START STORED DATA

(* Let $T\ge 1$, $d=2T$, $\lambda,\mu>0$, $a\in\mathbb{R}$, $b,c>0$, and consider $F$ built from the functions $f_i$ described in the context. Let $x^\star$ be the unique minimizer of $F$. Then all blocks $x^\star_i$ of the first group are equal to a common vector $y^\star\in\mathbb{R}^d$, and all blocks of the second group are equal to a common vector $z^\star\in\mathbb{R}^d$. Moreover, for every $1\le i\le 2T-1$, $$w_{i+1}=Q_r\,w_i,$$ where $w_i=(z^\star_i,y^\star_i)^\top$ if $i$ is even and $w_i=(y^\star_i,z^\star_i)^\top$ if $i$ is odd. Here $r=\tfrac12$ if $n$ is even and $r=\tfrac{M}{n}$ if $n=2M+1$. With $s=\mu/\lambda$, $$Q_r=\begin{pmatrix}-\frac{r}{c} & \frac{c+s+r}{c}\\[2pt] -\frac{c+s+r}{c} & \frac{(c+s+r)^2}{cr}-\frac{c}{r}\end{pmatrix}.$$
   Context: The objective is $F(x)=\frac1n\sum_{i=1}^n f_i(x_i)+\lambda\frac1{2n}\sum_{i=1}^n\|x_i-\bar x\|^2$ for $x=[x_1,\dots,x_n]\in\mathbb{R}^{nd}$, where $\bar x=\frac1n\sum_i x_i$. The functions below are written with $y=(y_1,\dots,y_{2T})\in\mathbb{R}^{2T}$. Even $n$. For $1\le i\le n/2$ (first group), $$f_i(y)=\tfrac{\mu}{2}\|y\|^2+ay_1+\tfrac{\lambda c}{2}\sum_{j=1}^{T-1}(y_{2j}-y_{2j+1})^2+\tfrac{\lambda b}{2}y_{2T}^2 .$$ For $n/2<i\le n$ (second group), $$f_i(y)=\tfrac{\mu}{2}\|y\|^2+\tfrac{\lambda c}{2}\sum_{j=0}^{T-1}(y_{2j+1}-y_{2j+2})^2 .$$ Odd $n=2M+1$ with $M\ge1$. For $1\le i\le M$ (first group), $$f_i(y)=\tfrac{M+1}{M}\tfrac{\mu}{2}\|y\|^2+ay_1+\tfrac{\lambda}{2}\tfrac{M+1}{M}c\sum_{j=1}^{T-1}(y_{2j}-y_{2j+1})^2+\tfrac{\lambda b}{2}y_{2T}^2 .$$ For $M<i\le n$ (second group), $f_i$ is the second-group function from the even case. *)

From HB Require Import structures.
From mathcomp Require Import all_boot all_order all_algebra.
Set Implicit Arguments. Unset Strict Implicit. Unset Printing Implicit Defensive.
Import Order.TTheory GRing.Theory Num.Theory.
Local Open Scope ring_scope.

Section Defs.
Variable R : realFieldType.

(* 0-based coordinate access of a row vector by a natural number (0 outside range) *)
Definition at0 (m : nat) (y : 'rV[R]_m) (k : nat) : R :=
  match @insub nat (fun k => k < m)%N _ k with Some i => y 0 i | None => 0 end.

(* 1-based coordinate y_j, as in the paper *)
Definition cf (m : nat) (y : 'rV[R]_m) (j : nat) : R := at0 y j.-1.

Definition sqn (m : nat) (y : 'rV[R]_m) : R := \sum_(i < m) y 0 i ^+ 2.

Variables (T : nat) (lam mu a b c : R).
Local Notation d := (2 * T)%N.

Definition f1_even (y : 'rV[R]_d) : R :=
  mu / 2 * sqn y + a * cf y 1
  + lam * c / 2 * \sum_(1 <= j < T) (cf y (2 * j) - cf y (2 * j + 1)) ^+ 2
  + lam * b / 2 * cf y d ^+ 2.

Definition f1_odd (M : nat) (y : 'rV[R]_d) : R :=
  (M.+1)%:R / M%:R * (mu / 2) * sqn y + a * cf y 1
  + lam / 2 * ((M.+1)%:R / M%:R) * c
      * \sum_(1 <= j < T) (cf y (2 * j) - cf y (2 * j + 1)) ^+ 2
  + lam * b / 2 * cf y d ^+ 2.

Definition f2 (y : 'rV[R]_d) : R :=
  mu / 2 * sqn y
  + lam * c / 2 * \sum_(0 <= j < T) (cf y (2 * j + 1) - cf y (2 * j + 2)) ^+ 2.

(* f_i for 0-based block index i in 'I_n : the first group is i < n./2
   (n./2 = n/2 for even n, = M for n = 2M+1) *)
Definition fi (n : nat) (i : 'I_n) (y : 'rV[R]_d) : R :=
  if (i < n./2)%N then (if odd n then f1_odd n./2 y else f1_even y) else f2 y.

Definition xbar (n : nat) (x : 'I_n -> 'rV[R]_d) : 'rV[R]_d :=
  n%:R^-1 *: \sum_(i < n) x i.

Definition Fobj (n : nat) (x : 'I_n -> 'rV[R]_d) : R :=
  n%:R^-1 * \sum_(i < n) fi i (x i)
  + lam / (2 * n%:R) * \sum_(i < n) sqn (x i - xbar x).

End Defs.

Definition rpar (R : realFieldType) (n : nat) : R :=
  if odd n then (n./2)%:R / n%:R else 2^-1.

Definition Qmat (R : realFieldType) (lam mu c r : R) : 'M[R]_2 :=
  let s := mu / lam in
  \matrix_(i < 2, j < 2)
    if (i == 0) && (j == 0) then - (r / c)
    else if (i == 0) then (c + s + r) / c
    else if (j == 0) then - ((c + s + r) / c)
    else (c + s + r) ^+ 2 / (c * r) - c / r.

Definition wvec (R : realFieldType) (m : nat) (y z : 'rV[R]_m) (i : nat) : 'cV[R]_2 :=
  \col_(k < 2)
    if odd i then (if k == 0 then cf y i else cf z i)
    else (if k == 0 then cf z i else cf y i).
Arguments Fobj [R] T lam mu a b c [n] x.

From HB Require Import structures.
From mathcomp Require Import all_boot all_order all_algebra ring zify.
From mathcomp Require Import perm.
Import Order.TTheory GRing.Theory Num.Theory.
Local Open Scope ring_scope.
Set Implicit Arguments. Unset Strict Implicit.

(* Each f_i is convex and F is strongly convex in the deviations
   x_i - xbar; moreover F is invariant under permutations of the blocks that
   preserve the two groups.  Averaging a minimizer with its image under the
   transposition of two blocks of one group cannot increase F, and strictly
   decreases it unless the two blocks coincide.  So the first-group blocks
   equal some y and the second-group blocks some z.

   Along a coordinate direction F is a quadratic polynomial, so
   at a minimizer its slope vanishes (if al <= al + be t + ga t^2 for every
   t then be = 0).  With xbar = r y + (1 - r) z these stationarity conditions,
   read at coordinates i and i+1 of the block whose coupling term links them
   (z for odd i, y for even i), form a 2x2 linear system whose solution is
   w_{i+1} = Q_r w_i. *)

Section Coordinates.
Variables (R : realFieldType) (m : nat).
Implicit Types (u v : 'rV[R]_m) (s t : R).

Lemma cfD u v k : cf (u + v) k = cf u k + cf v k.
Proof. by rewrite /cf /at0; case: insubP => [i _ _|_]; rewrite ?mxE ?addr0. Qed.

Lemma cfZ s u k : cf (s *: u) k = s * cf u k.
Proof. by rewrite /cf /at0; case: insubP => [i _ _|_]; rewrite ?mxE ?mulr0. Qed.

Lemma cf_ord u k (hk : (k.-1 < m)%N) : cf u k = u 0 (Ordinal hk).
Proof.
rewrite /cf /at0; case: insubP => [j _ hj|]; last by rewrite hk.
by congr (u 0 _); apply: val_inj.
Qed.

Lemma cf_delta (K : 'I_m) k : cf (delta_mx 0 K : 'rV[R]_m) k = (k.-1 == K)%:R.
Proof.
rewrite /cf /at0; case: insubP => [j _ hj|hk]; first by rewrite mxE eqxx /= -hj.
by case: eqP => // e; move: hk; rewrite e ltn_ord.
Qed.

Lemma cf_pert u (K : 'I_m) t k :
  cf (u + t *: delta_mx 0 K) k = cf u k + t * (k.-1 == K)%:R.
Proof. by rewrite cfD cfZ cf_delta. Qed.

Lemma cf_mid u v k : cf (2^-1 *: (u + v)) k = (cf u k + cf v k) / 2.
Proof. by rewrite cfZ cfD mulrC. Qed.

Lemma sum_ord_indicator (F : 'I_m -> R) (K : 'I_m) :
  \sum_i F i * (i == K)%:R = F K.
Proof.
rewrite (bigD1 K) //= eqxx mulr1 big1 ?addr0 // => i /negbTE ->.
by rewrite mulr0.
Qed.

Lemma sum_ord_indicator1 (K : 'I_m) : \sum_(i < m) (i == K)%:R = 1 :> R.
Proof.
by rewrite -[RHS](sum_ord_indicator (fun=> 1) K); apply: eq_bigr => i _; rewrite mul1r.
Qed.

Lemma sqn_pert u (K : 'I_m) t :
  sqn (u + t *: delta_mx 0 K) = sqn u + t * (2 * u 0 K) + t ^+ 2.
Proof.
rewrite /sqn; transitivity (\sum_(i < m) (u 0 i ^+ 2
    + t * (2 * (u 0 i * (i == K)%:R)) + t ^+ 2 * (i == K)%:R)).
  by apply: eq_bigr => i _; rewrite !mxE; case: (i == K); rewrite /= ?mulr1 ?mulr0; ring.
by rewrite !big_split /= -!mulr_sumr (sum_ord_indicator (fun i => u 0 i))
  sum_ord_indicator1 mulr1.
Qed.

Lemma sqn_ge0 u : 0 <= sqn u.
Proof. by apply: sumr_ge0 => i _; rewrite sqr_ge0. Qed.

Lemma sqn_eq0 u : sqn u = 0 -> u = 0.
Proof.
move=> h; apply/rowP => i; rewrite mxE.
have := @psumr_eq0P _ _ _ _ (fun j _ => sqr_ge0 (u 0 j)) h i isT.
by move/eqP; rewrite sqrf_eq0 => /eqP.
Qed.

Lemma sqn_mid u v :
  sqn u + sqn v - 2 * sqn (2^-1 *: (u + v)) = 2^-1 * sqn (u - v).
Proof.
rewrite /sqn mulr_sumr mulr_sumr -big_split -sumrB /=.
by apply: eq_bigr => i _; rewrite !mxE; field.
Qed.
End Coordinates.

Section RangeSums.
Variable R : realFieldType.
Implicit Types (P p q : nat -> R).

Lemma sum_nat_indicator P m k J : (m <= J < k)%N ->
  \sum_(m <= j < k) P j * (j == J)%:R = P J.
Proof.
move=> hJ; rewrite (eq_bigr (fun j => if j == J then P j else 0)).
  by rewrite -big_mkcond big_nat1_eq hJ.
by move=> j _; case: eqP; rewrite ?mulr1 ?mulr0.
Qed.

(* Derivative of a coupling term: only the pair (p J, q J) involving the
   coordinate K contributes, with sign + if K = p J. *)
Lemma sum_pair_indicator P (ip iq : nat -> nat) m k J K : (m <= J < k)%N ->
  (forall j, (ip j == K) = (j == J)) -> (forall j, iq j != K) ->
  \sum_(m <= j < k) P j * ((ip j == K)%:R - (iq j == K)%:R) = P J.
Proof.
move=> hJ hp hq; rewrite -(sum_nat_indicator P hJ); apply: eq_big_nat => j _.
by rewrite hp (negbTE (hq j)) subr0.
Qed.

Lemma sum_pair_indicatorN P (ip iq : nat -> nat) m k J K : (m <= J < k)%N ->
  (forall j, (iq j == K) = (j == J)) -> (forall j, ip j != K) ->
  \sum_(m <= j < k) P j * ((ip j == K)%:R - (iq j == K)%:R) = - P J.
Proof.
move=> hJ hq hp; rewrite -(sum_pair_indicator P hJ hq hp) -sumrN.
by apply: eq_bigr => j _; ring.
Qed.

Lemma sum_sq_aff (r : seq nat) p q t :
  \sum_(j <- r) (p j + t * q j) ^+ 2 = \sum_(j <- r) p j ^+ 2
    + t * (2 * \sum_(j <- r) p j * q j) + t ^+ 2 * \sum_(j <- r) q j ^+ 2.
Proof.
rewrite (eq_bigr (fun j => p j ^+ 2 + t * (2 * (p j * q j)) + t ^+ 2 * q j ^+ 2)).
  by rewrite !big_split /= -!mulr_sumr.
by move=> j _; ring.
Qed.

Lemma sum_sq_mid (r : seq nat) p q :
  \sum_(j <- r) p j ^+ 2 + \sum_(j <- r) q j ^+ 2
    - 2 * \sum_(j <- r) ((p j + q j) / 2) ^+ 2
  = 2^-1 * \sum_(j <- r) (p j - q j) ^+ 2.
Proof.
rewrite mulr_sumr mulr_sumr -big_split -sumrB /=.
by apply: eq_bigr => j _; field.
Qed.
End RangeSums.

Lemma quadratic_slope0 (R : realFieldType) (al be ga : R) :
  (forall t, al <= al + be * t + ga * t ^+ 2) -> be = 0.
Proof.
move=> H; apply/eqP; apply/negPn/negP => hbe.
pose k := `|ga| + 1.
have kp : 0 < k by rewrite ltr_pwDr // normr_ge0.
have := H (- be / k).
have -> : al + be * (- be / k) + ga * (- be / k) ^+ 2
          = al + be ^+ 2 / k ^+ 2 * (ga - k) by field; rewrite gt_eqF.
rewrite lerDl leNgt pmulr_rlt0 ?subr_lt0 ?ltr_pwDr ?ler_norm //.
by apply: divr_gt0; [rewrite lt_def sqrf_eq0 hbe sqr_ge0 | rewrite exprn_gt0].
Qed.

END STORED DATA

_TASK ITEM_: Exactly reproduce the lines from the one containing "rewrite lerDl leNgt" through the end of the records, and only those lines.

_EXERCISE RESPONSE_:
rewrite lerDl leNgt pmulr_rlt0 ?subr_lt0 ?ltr_pwDr ?ler_norm //.
by apply: divr_gt0; [rewrite lt_def sqrf_eq0 hbe sqr_ge0 | rewrite exprn_gt0].
Qed.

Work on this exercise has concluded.